This guide walks through setting up a development environment for ThemeliOS on macOS or Linux.

Prerequisites

1. Rust nightly toolchain

ThemeliOS requires Rust nightly because the kernel uses unstable features (#![no_std], #![no_main], inline assembly, custom allocators).

The project pins the exact toolchain via rust-toolchain.toml, so you just need rustup installed — it will automatically download the correct nightly version.

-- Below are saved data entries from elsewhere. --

(* Let $F(\lambda,\mu)=\left(\frac{2\lambda^2}{4-\mu^2},\ \mu+\frac{\mu\lambda^2}{4-\mu^2}\right)$, $\phi(\lambda,\mu)=\frac{4-\lambda^2+\mu^2}{4\mu}$, $\psi(\lambda,\mu)=\frac{4-\mu^2+\lambda^2}{4\lambda}$. Fix $\eta\in\mathbb{C}$ with $\eta^2\neq1$, a square root $s$ of $\eta^2-1$, and let $H_\eta=\{(\lambda,\mu):4-\lambda^2+\mu^2=4\eta\mu\}$. Define $\varphi_\eta\colon H_\eta\dashrightarrow\mathbb{P}^1$ by $$\varphi_\eta(\lambda,\mu)=\frac{2-\lambda-\eta\mu-s\mu}{-2+\lambda+\eta\mu-s\mu}.$$ Then $\varphi_\eta$ is birational from $H_\eta$ to $\mathbb{P}^1$, $F$ maps $H_\eta$ into itself, and for generic $p\in H_\eta$: $$\varphi_\eta(F(p))=\varphi_\eta(p)^2,\qquad \psi(p)=\tfrac12\left(\varphi_\eta(p)+\varphi_\eta(p)^{-1}\right).$$ *)

(* The base field is an arbitrary numClosedFieldType C
   (algebraically closed, characteristic 0), which covers C = complex numbers. *)
From HB Require Import structures.
From mathcomp Require Import all_boot all_order all_algebra.
Set Implicit Arguments. Unset Strict Implicit. Unset Printing Implicit Defensive.
Import Order.TTheory GRing.Theory Num.Theory.
Local Open Scope ring_scope.

Section Defs.
Variable C : numClosedFieldType.
Implicit Types (p : C * C) (eta s : C).

(* points p = (lambda, mu) *)
Definition F p : C * C :=
  (2 * p.1 ^+ 2 / (4 - p.2 ^+ 2), p.2 + p.2 * p.1 ^+ 2 / (4 - p.2 ^+ 2)).

Definition phi p : C := (4 - p.1 ^+ 2 + p.2 ^+ 2) / (4 * p.2).
Definition psi p : C := (4 - p.2 ^+ 2 + p.1 ^+ 2) / (4 * p.1).

Definition onH eta p : Prop := 4 - p.1 ^+ 2 + p.2 ^+ 2 = 4 * eta * p.2.

Definition varphi_num eta s p : C := 2 - p.1 - eta * p.2 - s * p.2.
Definition varphi_den eta s p : C := -2 + p.1 + eta * p.2 - s * p.2.
Definition varphi eta s p : C := varphi_num eta s p / varphi_den eta s p.

(* "P holds for generic p in H_eta": outside a finite set of points of H_eta
   (H_eta is an irreducible curve, so nonempty Zariski opens are cofinite). *)
Definition generic_on_H eta (P : C * C -> Prop) : Prop :=
  exists S : seq (C * C), forall p, onH eta p -> p \notin S -> P p.

(* f = fnum/fden : H_eta --> P^1 is birational: it has a rational inverse
   t |-> (a1(t)/b1(t), a2(t)/b2(t)) : P^1 --> H_eta, the two compositions
   being the identity where defined (generically). P^1 is taken in its
   affine chart t, which is harmless birationally. *)
Definition birational_H_P1 eta (f fden : C * C -> C) : Prop :=
  exists a1 b1 a2 b2 : {poly C},
    [/\ b1 != 0, b2 != 0,
     generic_on_H eta (fun p =>
        [/\ fden p != 0, b1.[f p] != 0, b2.[f p] != 0 &
            (a1.[f p] / b1.[f p], a2.[f p] / b2.[f p]) = p]) &
     exists T : seq C, forall t, t \notin T ->
        [/\ b1.[t] != 0, b2.[t] != 0,
            onH eta (a1.[t] / b1.[t], a2.[t] / b2.[t]),
            fden (a1.[t] / b1.[t], a2.[t] / b2.[t]) != 0 &
            f (a1.[t] / b1.[t], a2.[t] / b2.[t]) = t]].
End Defs.

From HB Require Import structures.
From mathcomp Require Import all_boot all_order all_algebra.
From mathcomp Require Import ring.
Set Implicit Arguments. Unset Strict Implicit. Unset Printing Implicit Defensive.
Import Order.TTheory GRing.Theory Num.Theory.
Local Open Scope ring_scope.

(* Put a := eta + s.  Then a != 0, a^2 != 1, eta = (a + 1/a)/2 and
   s = (a - 1/a)/2 (lemma conic_parameter), so we may work with a fixed a.
   The conic H_eta is rational, parametrised through the point (2, 0) by
     param t = (2 (a^2 - 1) t, 2 a (1 - t^2)) / (a^2 - t^2),
   and in this parameter everything is explicit:
     varphi (param t) = t,  psi (param t) = (t + 1/t)/2,
     F (param t) = param (t^2),
   i.e. F is conjugate to t |-> t^2.  Conversely every point p of H_eta
   other than (2,0), (-2,0), (0,2a) equals param (varphi p), which gives
   birationality.  The conditions needed on t amount to the nonvanishing of a
   single nonzero polynomial, hence hold off a finite set of parameters, and
   its image under param, together with the three points above, is the finite
   exceptional set on the conic. *)

(* [field] leaves the nonvanishing of the denominators as a conjunction;
   split it so that each conjunct can be closed from the context. *)
Ltac field_nz := field; do ?[apply/andP; split].

Lemma onH_F (C : numClosedFieldType) (eta : C) (p : C * C) :
  onH eta p -> 4 - p.2 ^+ 2 != 0 -> onH eta (F p).
Proof.
case: p => x y; rewrite /onH /F /= => on_conic y2_neq4.
have -> : 4 * eta * (y + y * x ^+ 2 / (4 - y ^+ 2)) =
          4 * eta * y * ((4 - y ^+ 2 + x ^+ 2) / (4 - y ^+ 2)) by field_nz.
by rewrite -on_conic; field_nz.
Qed.

Lemma nonroots_cofinite {K : closedFieldType} {q : {poly K}} :
  q != 0 -> exists T : seq K, forall t, t \notin T -> q.[t] != 0.
Proof.
move=> q_neq0; have [r def_q] := closed_field_poly_normal q.
exists r => t tNr; rewrite def_q hornerZ horner_prod mulf_neq0 ?lead_coef_eq0 //.
rewrite prodf_seq_neq0; apply/allP => z zr.
by rewrite hornerXsubC subr_eq0; apply: contraNneq tNr => ->.
Qed.

Lemma polyC_subXn_neq0 (R : nzRingType) (c : R) (n : nat) :
  (0 < n)%N -> c%:P - 'X^n != 0.
Proof. by move=> n_gt0; rewrite -opprB oppr_eq0 monic_neq0 ?monicXnsubC. Qed.

Section Parametrization.
Variables (C : numClosedFieldType) (a : C).
Hypotheses (a_neq0 : a != 0) (a2_neq1 : a ^+ 2 - 1 != 0).

Definition eta_a : C := (a + a^-1) / 2.
Definition s_a : C := (a - a^-1) / 2.

(* Rational parametrisation of H_{eta_a} by lines through (2, 0). *)
Definition param (t : C) : C * C :=
  (2 * (a ^+ 2 - 1) * t / (a ^+ 2 - t ^+ 2),
   2 * a * (1 - t ^+ 2) / (a ^+ 2 - t ^+ 2)).

Section RegularParameter.
Variable t : C.
Hypothesis t_reg : a ^+ 2 - t ^+ 2 != 0.

Lemma param_onH : onH eta_a (param t).
Proof. by rewrite /onH /eta_a /=; field_nz. Qed.

Lemma varphi_den_param :
  varphi_den eta_a s_a (param t) = 2 * (a ^+ 2 - 1) * (t - 1) / (a ^+ 2 - t ^+ 2).
Proof. by rewrite /varphi_den /eta_a /s_a /=; field_nz. Qed.

Lemma varphi_param : t - 1 != 0 -> varphi eta_a s_a (param t) = t.
Proof.
by move=> t_neq1; rewrite /varphi varphi_den_param /varphi_num /eta_a /s_a /=; field_nz.
Qed.

Lemma four_sub_param :
  4 - (param t).2 ^+ 2 = 4 * (a ^+ 2 - 1) * (a ^+ 2 - (t ^+ 2) ^+ 2) / (a ^+ 2 - t ^+ 2) ^+ 2.
Proof. by rewrite /=; field_nz. Qed.

Lemma F_param : a ^+ 2 - (t ^+ 2) ^+ 2 != 0 -> F (param t) = param (t ^+ 2).
Proof.
move=> t2_reg; rewrite /F four_sub_param /param /=.
by congr pair; field_nz; rewrite ?mulf_neq0 ?expf_neq0.
Qed.

Lemma psi_param : t != 0 -> psi (param t) = (t + t^-1) / 2.
Proof. by move=> t_neq0; rewrite /psi /=; field_nz. Qed.
End RegularParameter.

Lemma s_a_neq0 : s_a != 0.
Proof.
have -> : s_a = (a ^+ 2 - 1) / (2 * a) by rewrite /s_a; field_nz.
by rewrite mulf_neq0 ?invr_eq0 ?mulf_neq0 ?pnatr_eq0.
Qed.

Lemma eta_a_sqr : eta_a ^+ 2 - 1 = s_a ^+ 2.
Proof. by rewrite /eta_a /s_a; field_nz. Qed.

(* Closed forms of the denominator of varphi and of varphi, using
   eta_a + s_a = a and eta_a - s_a = 1/a. *)
Lemma varphi_den_eta_a x y : varphi_den eta_a s_a (x, y) = (y - a * (2 - x)) / a.
Proof. by rewrite /varphi_den /eta_a /s_a /=; field_nz. Qed.

Lemma varphi_eta_a x y : y - a * (2 - x) != 0 ->
  varphi eta_a s_a (x, y) = a * (2 - x - a * y) / (y - a * (2 - x)).
Proof.
by move=> d_neq0; rewrite /varphi varphi_den_eta_a /varphi_num /eta_a /s_a /=; field_nz.
Qed.

(* Off the line y = 0, the conic meets neither of the lines 2 - x = y and
   2 - x = -y (these would force eta_a^2 = 1). *)
Lemma onH_chords_neq0 {x y : C} : onH eta_a (x, y) -> y != 0 -> (2 - x) ^+ 2 - y ^+ 2 != 0.
Proof.
rewrite /onH /= => on_conic y_neq0; apply/eqP => chord.
have : 4 * (2 - x - eta_a * y) = (4 - x ^+ 2 + y ^+ 2 - 4 * eta_a * y) + ((2 - x) ^+ 2 - y ^+ 2).
  by ring.
rewrite on_conic subrr chord addr0 => /eqP; rewrite mulf_eq0 pnatr_eq0 /= subr_eq0 => /eqP u_eq.
have : y ^+ 2 * s_a ^+ 2 = 0.
  by rewrite -eta_a_sqr -chord u_eq; ring.
by move/eqP; rewrite mulf_eq0 !expf_eq0 /= (negbTE y_neq0) (negbTE s_a_neq0).
Qed.

(* A point of the conic off y = 0 where varphi is defined is recovered from
   its coordinate: both differences p - param (varphi p) are multiples of the
   equation of the conic. *)
Lemma param_varphi {x y : C} (t := varphi eta_a s_a (x, y)) :
  onH eta_a (x, y) -> y != 0 -> varphi_den eta_a s_a (x, y) != 0 ->
  a ^+ 2 - t ^+ 2 != 0 /\ param t = (x, y).
Proof.
move=> on_conic y_neq0; rewrite varphi_den_eta_a mulf_eq0 invr_eq0 negb_or (negbTE a_neq0) andbT => d_neq0.
have chord := onH_chords_neq0 on_conic y_neq0.
rewrite /t varphi_eta_a //.
have reg : a ^+ 2 - (a * (2 - x - a * y) / (y - a * (2 - x))) ^+ 2 =
    a ^+ 2 * (a ^+ 2 - 1) * ((2 - x) ^+ 2 - y ^+ 2) / (y - a * (2 - x)) ^+ 2.
  by field_nz.
rewrite reg; split; first by rewrite !mulf_neq0 ?invr_eq0 ?expf_neq0.
rewrite /param reg; congr pair; apply/eqP; rewrite -subr_eq0.
- rewrite [X in X == 0](_ : _ = (x - 2) * (4 - x ^+ 2 + y ^+ 2 - 4 * eta_a * y) /
                                ((2 - x) ^+ 2 - y ^+ 2)); last by rewrite /eta_a; field_nz.
  by rewrite on_conic subrr mulr0 mul0r.
- rewrite [X in X == 0](_ : _ = y * (4 - x ^+ 2 + y ^+ 2 - 4 * eta_a * y) /
                                ((2 - x) ^+ 2 - y ^+ 2)); last by rewrite /eta_a; field_nz.
  by rewrite on_conic subrr mulr0 mul0r.
Qed.

(* The points of the conic where y = 0 or varphi_den = 0. *)
Definition exceptional_pts : seq (C * C) := [:: (2, 0); (-2, 0); (0, 2 * a)].

Lemma onH_exceptional {x y : C} : onH eta_a (x, y) -> (x, y) \notin exceptional_pts ->
  y != 0 /\ varphi_den eta_a s_a (x, y) != 0.
Proof.
rewrite /onH /= => on_conic pNexc.
have y_neq0 : y != 0.
  apply: contraNneq pNexc => y0.
  have : (x - 2) * (x + 2) = - (4 - x ^+ 2 + y ^+ 2 - 4 * eta_a * y) by rewrite y0; ring.
  rewrite on_conic subrr oppr0 => /eqP; rewrite mulf_eq0 subr_eq0 addr_eq0.
  by case/orP => /eqP ->; rewrite y0 !inE eqxx ?orbT.
split=> //; rewrite varphi_den_eta_a mulf_neq0 ?invr_eq0 //.
apply: contraNneq pNexc => /eqP; rewrite subr_eq0 => /eqP y_eq.
have : (a ^+ 2 - 1) * (x - 2) * x = 4 - x ^+ 2 + y ^+ 2 - 4 * eta_a * y.
  by rewrite y_eq /eta_a; field_nz.
rewrite on_conic subrr => /eqP; rewrite !mulf_eq0 (negbTE a2_neq1) subr_eq0 /=.
case/orP => /eqP x_eq; move: y_eq y_neq0; rewrite x_eq => ->.
  by rewrite subrr mulr0 eqxx.
by rewrite subr0 mulrC !inE eqxx ?orbT.
Qed.

(* Its roots are the parameters t excluded by the identities above:
   t = 0, t^2 = 1, t^2 = a^2, t^4 = a^2. *)
Definition bad_param_poly : {poly C} :=
  'X * ('X^2 - 1) * ((a ^+ 2)%:P - 'X^2) * ((a ^+ 2)%:P - ('X^2) ^+ 2).

Lemma bad_param_poly_neq0 : bad_param_poly != 0.
Proof.
by rewrite /bad_param_poly -exprM !mulf_neq0 ?polyX_eq0 ?polyC_subXn_neq0 ?monic_neq0 ?monicXnsubC.
Qed.

Lemma regular_param {t : C} : bad_param_poly.[t] != 0 ->
  [/\ t != 0, t - 1 != 0, t ^+ 2 - 1 != 0, a ^+ 2 - t ^+ 2 != 0 &
      a ^+ 2 - (t ^+ 2) ^+ 2 != 0].
Proof.
rewrite !hornerE !mulf_eq0 !negb_or -!andbA => /and4P [t_neq0 t2_neq1 t_reg t2_reg].
split=> //; apply: contraNneq t2_neq1 => t1.
by rewrite -(subrK 1 t) t1 add0r expr1n subrr.
Qed.

Lemma dynamics_at_param {t : C} (p := param t) : bad_param_poly.[t] != 0 ->
  [/\ (4 - p.2 ^+ 2 != 0) && (p.1 != 0),
      (varphi_den eta_a s_a p != 0) && (varphi_den eta_a s_a (F p) != 0),
      varphi eta_a s_a p != 0,
      varphi eta_a s_a (F p) = varphi eta_a s_a p ^+ 2 &
      psi p = (varphi eta_a s_a p + (varphi eta_a s_a p)^-1) / 2].
Proof.
case/regular_param => t_neq0 t_neq1 t2_neq1 t_reg t2_reg.
rewrite /p F_param // !varphi_param // psi_param //.
rewrite four_sub_param // !varphi_den_param // /param /=.
by rewrite !mulf_neq0 ?invr_eq0 ?expf_neq0 ?pnatr_eq0.
Qed.

Lemma generic_point_param {T : seq C} {p : C * C} : onH eta_a p ->
  p \notin exceptional_pts ++ map param T ->
  [/\ varphi_den eta_a s_a p != 0, varphi eta_a s_a p \notin T,
      a ^+ 2 - varphi eta_a s_a p ^+ 2 != 0 & param (varphi eta_a s_a p) = p].
Proof.
case: p => x y on_conic; rewrite mem_cat negb_or => /andP [pNexc pNT].
have [y_neq0 d_neq0] := onH_exceptional on_conic pNexc.
have [t_reg param_t] := param_varphi on_conic y_neq0 d_neq0.
split=> //; apply: contraNN pNT => tT.
by rewrite -param_t map_f.
Qed.

Definition param_num1 : {poly C} := (2 * (a ^+ 2 - 1))%:P * 'X.
Definition param_num2 : {poly C} := (2 * a)%:P * (1 - 'X^2).
Definition param_den : {poly C} := (a ^+ 2)%:P - 'X^2.

Lemma horner_param t :
  (param_num1.[t] / param_den.[t], param_num2.[t] / param_den.[t]) = param t.
Proof. by rewrite !hornerE. Qed.

Lemma birational_varphi_a :
  birational_H_P1 eta_a (varphi eta_a s_a) (varphi_den eta_a s_a).
Proof.
have [T regT] := nonroots_cofinite bad_param_poly_neq0.
have den_neq0 t : a ^+ 2 - t ^+ 2 != 0 -> param_den.[t] != 0 by rewrite !hornerE.
have den_poly_neq0 : param_den != 0 by exact: polyC_subXn_neq0.
exists param_num1, param_den, param_num2, param_den; split=> //.
  exists (exceptional_pts ++ map param T) => p on_conic pNexc.
  have [d_neq0 _ t_reg param_t] := generic_point_param on_conic pNexc.
  by rewrite horner_param param_t den_neq0.
exists T => t tNT; have [_ t_neq1 _ t_reg _] := regular_param (regT t tNT).
have [_ /andP [d_neq0 _] _ _ _] := dynamics_at_param (regT t tNT).
rewrite horner_param den_neq0 // varphi_param //; split=> //; exact: param_onH.
Qed.

Lemma generic_dynamics_a :
  generic_on_H eta_a (fun p =>
    [/\ (4 - p.2 ^+ 2 != 0) && (p.1 != 0),
        (varphi_den eta_a s_a p != 0) && (varphi_den eta_a s_a (F p) != 0),
        varphi eta_a s_a p != 0,
        varphi eta_a s_a (F p) = varphi eta_a s_a p ^+ 2 &
        psi p = (varphi eta_a s_a p + (varphi eta_a s_a p)^-1) / 2]).
Proof.
have [T regT] := nonroots_cofinite bad_param_poly_neq0.
exists (exceptional_pts ++ map param T) => p on_conic pNexc.
have [_ tNT _ <-] := generic_point_param on_conic pNexc.
exact: dynamics_at_param (regT _ tNT).
Qed.
End Parametrization.

(* Every admissible pair (eta, s) is of the form (eta_a, s_a) for a = eta + s,
   since (eta + s) (eta - s) = 1. *)
Lemma conic_parameter (C : numClosedFieldType) (eta s : C) :
  eta ^+ 2 != 1 -> s ^+ 2 = eta ^+ 2 - 1 ->
  exists a : C, [/\ a != 0, a ^+ 2 - 1 != 0, eta = eta_a a & s = s_a a].
Proof.
move=> eta2_neq1 s2_eq; exists (eta + s).
have a_inv : (eta + s) * (eta - s) = 1 by rewrite mulrC -subr_sqr s2_eq; ring.
have a_neq0 : eta + s != 0.
  by apply: contra_eq_neq a_inv => ->; rewrite mul0r eq_sym oner_neq0.
have s_neq0 : s != 0.
  by apply: contra_eq_neq s2_eq => ->; rewrite expr2 mul0r eq_sym subr_eq0.
have a_invE : (eta + s)^-1 = eta - s by rewrite -[LHS]mulr1 -a_inv mulKf.
split=> //; try by rewrite /eta_a /s_a a_invE; field.
have -> : (eta + s) ^+ 2 - 1 = (eta + s) * (2 * s) by rewrite -[X in _ - X]a_inv; ring.
by rewrite !mulf_neq0 ?pnatr_eq0.
Qed.

Theorem lemma5p7 (C : numClosedFieldType) (eta s : C)
    (heta : eta ^+ 2 != 1) (hs : s ^+ 2 = eta ^+ 2 - 1) :
  [/\ birational_H_P1 eta (varphi eta s) (varphi_den eta s),
      (forall p : C * C, onH eta p -> 4 - p.2 ^+ 2 != 0 -> onH eta (F p)) &
      generic_on_H eta (fun p =>
        [/\ (4 - p.2 ^+ 2 != 0) && (p.1 != 0),
            (varphi_den eta s p != 0) && (varphi_den eta s (F p) != 0),
            varphi eta s p != 0,
            varphi eta s (F p) = varphi eta s p ^+ 2 &
            psi p = (varphi eta s p + (varphi eta s p)^-1) / 2])].
Proof.
have [a [a_neq0 a2_neq1 -> ->]] := conic_parameter heta hs.
split; first exact: birational_varphi_a.
- by move=> p; apply: onH_F.
- exact: generic_dynamics_a.
Qed.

Install rustup (if you don’t have it):

curl --proto '=https' --tlsv1.2 -sSf https://sh.rustup.rs | sh

After cloning the repo, the first cargo command will automatically install the pinned nightly toolchain plus the bare-metal targets (x86_64-unknown-none, aarch64-unknown-none).

You can verify with:

rustup show

You should see a nightly toolchain with the x86_64-unknown-none and aarch64-unknown-none targets listed.

2. QEMU

QEMU emulates the hardware that ThemeliOS runs on. You need qemu-system-x86_64 for the primary amd64 target and optionally qemu-system-aarch64 for arm64.

macOS (Homebrew):

brew install qemu

This installs all QEMU system emulators.

3. xorriso

xorriso creates bootable ISO images. The build pipeline uses it to package the kernel with the Limine bootloader into a hybrid BIOS+UEFI ISO.

macOS (Homebrew):

brew install xorriso

Ubuntu/Debian:

sudo apt install xorriso

Fedora:

sudo dnf install xorriso

4. C compiler (for Limine CLI tool)

The first cargo xtask run downloads and builds the Limine bootloader’s CLI tool, which is a small C program. This requires a C compiler.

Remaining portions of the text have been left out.